Q: Wow! So Euler angles are great! We just need to specify \((\theta_1, \theta_2, \theta_3)\) and whalaa! We describe the attitude of \(\mathcal{B}\) relative to \(\mathcal{A}\) in an easy way to visualize and interpret! Why are there more ways to represent the attitude if we already have the Euler angles?
Well…yes Euler angles are great and usually the preferred attitude representation, specially in aerospace! However, there is an important thing to notice. You see that we need to compute three cosines (\(c_1, c_2, c_3\)) and three sines (\(s_1, s_2, s_3\))? Computing trigonometric functions are usually more expensive compared to just direct multiplications and sums. Besides, you always need to make sure about the sequence and convention that represents the attitude. Imagine yur are working with a lot of people on a big project. Every time you receive or deliver a code, you must check and make sure about what convention is being used. Otherwise, a slight confusion may lead to a complete disaster! Finally, there is onle last thing you should care about Euler angles: the so-called gimbal lock.

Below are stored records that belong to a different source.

(* $F_{\{1,2\}}=\emptyset$, and $\overline{F}_{\{1,2\}}$ consists of a single point, namely $\overline{F}_{\{1,2\}}=F_{\{1,2,3,5,10,11\}}=\{p_2\}$, where $p_2$ is the unique fixed point of $G_2$ in $H^2_\mathbb{C}$.
   Context: Hermitian form on $\mathbb{C}^3$: $\langle V,W\rangle=V_1\overline{W_3}+V_2\overline{W_2}+V_3\overline{W_1}$. Let $$G_1=\begin{pmatrix}1&1&-\frac{1+i\sqrt7}{2}\\0&1&-1\\0&0&1\end{pmatrix},\quad G_3=\begin{pmatrix}1&0&0\\-1&1&0\\ \frac{-1+i\sqrt7}{2}&1&1\end{pmatrix},\quad G_2=G_3G_1^{-1}G_3^{-1}G_1,$$ $Q=(1,0,0)^T$. Set $\gamma_1=G_2,\gamma_2=G_2^{-1},\gamma_3=G_3,\gamma_4=G_3^{-1}$ and, for $k\ge1$ and $1\le j\le4$, $\gamma_{8k-4+j}=G_1^k\gamma_jG_1^{-k}$, $\gamma_{8k+j}=G_1^{-k}\gamma_jG_1^{k}$. For $Z\in\mathbb{C}^3\setminus\{0\}$ let $f_0(Z)=\langle Z,Z\rangle$ and $f_j(Z)=|\langle Z,Q\rangle|^2-|\langle Z,\gamma_jQ\rangle|^2$ for $j\ge1$ (homogeneous, so their signs are defined on $\mathbb{C}P^2$). Let $I=\{0,1,2,\dots\}$. For disjoint $J,K\subset I$, $F_{J,K}=\{[Z]\in\mathbb{C}P^2: f_j(Z)=0\ \forall j\in J,\ f_i(Z)<0\ \forall i\in K\}$, $\overline{F}_{J,K}$ is defined likewise with $f_i\le0$ for $i\in K$, $F_J=F_{J,I\setminus J}$ and $\overline{F}_J=\overline{F}_{J,I\setminus J}$. *)

From Stdlib Require Import Reals Lra Lia Arith.
Open Scope R_scope.

Record C := mkC { re : R; im : R }.
Definition C0 : C := mkC 0 0.
Definition C1 : C := mkC 1 0.
Definition Cadd (z w : C) : C := mkC (re z + re w) (im z + im w).
Definition Copp (z : C) : C := mkC (- re z) (- im z).
Definition Cmul (z w : C) : C :=
  mkC (re z * re w - im z * im w) (re z * im w + im z * re w).
Definition Cconj (z : C) : C := mkC (re z) (- im z).
Definition Cnorm2 (z : C) : R := re z * re z + im z * im z.

Record V3 := mkV { x1 : C; x2 : C; x3 : C }.
Definition Vscale (l : C) (Z : V3) : V3 :=
  mkV (Cmul l (x1 Z)) (Cmul l (x2 Z)) (Cmul l (x3 Z)).
Definition Vnonzero (Z : V3) : Prop := ~ (x1 Z = C0 /\ x2 Z = C0 /\ x3 Z = C0).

So, Euler angles make use of three sequential rotations. Let’s see what happens if the second rotation is \(\theta_2 = \frac{\pi}{2}\). In this case, the full rotation matrix reads
\[\mathbf{C}(\theta_1, \frac{\pi}{2}, \theta_3) = \begin{bmatrix}0 & 0 & -1\\\text{sin}(\theta_1 - \theta_3) & \text{cos}(\theta_1 - \theta_3) & 0\\\text{cos}(\theta_1 - \theta_3) & -\text{sin}(\theta_1 - \theta_3) & 0\end{bmatrix}\]The above matrix tells us that if we first rotate \(\theta_3\) about \(\hat{\mathbf{a}}_3\) and then \(\theta_2 = \frac{\pi}{2}\) about \(\hat{\mathbf{a}}_2'\) we end up with the third rotation axis aligned with \(\hat{\mathbf{a}}_3\). This means that \(\theta_3\) and \(\theta_1\) rotate the reference frame about the same axis! Then, this two rotations about the same axis can be combined in a single rotation \(\theta_{31} = \theta_{1} - \theta_{3}\). That is, \(\mathbf{C}(\theta_1, \frac{\pi}{2}, \theta_3)\) becomes \(\mathbf{C}(\frac{\pi}{2}, \theta_{31})\), we loose one degree of freedom (also known as singularity or locking) and it is no longer possible to get out of it, the attitude is locked. A well-known gimbal lock incident happened in the Apollo 11 Moon mission, where the onboard computer froze the system of gimbals to avoid locking. This singularity appears in all 12 Euler angles conventions at different angles and axes; however, the 3-2-1 convention minimizes this effect by widening the angluar range, thus allowing more attitude representations before locking happens.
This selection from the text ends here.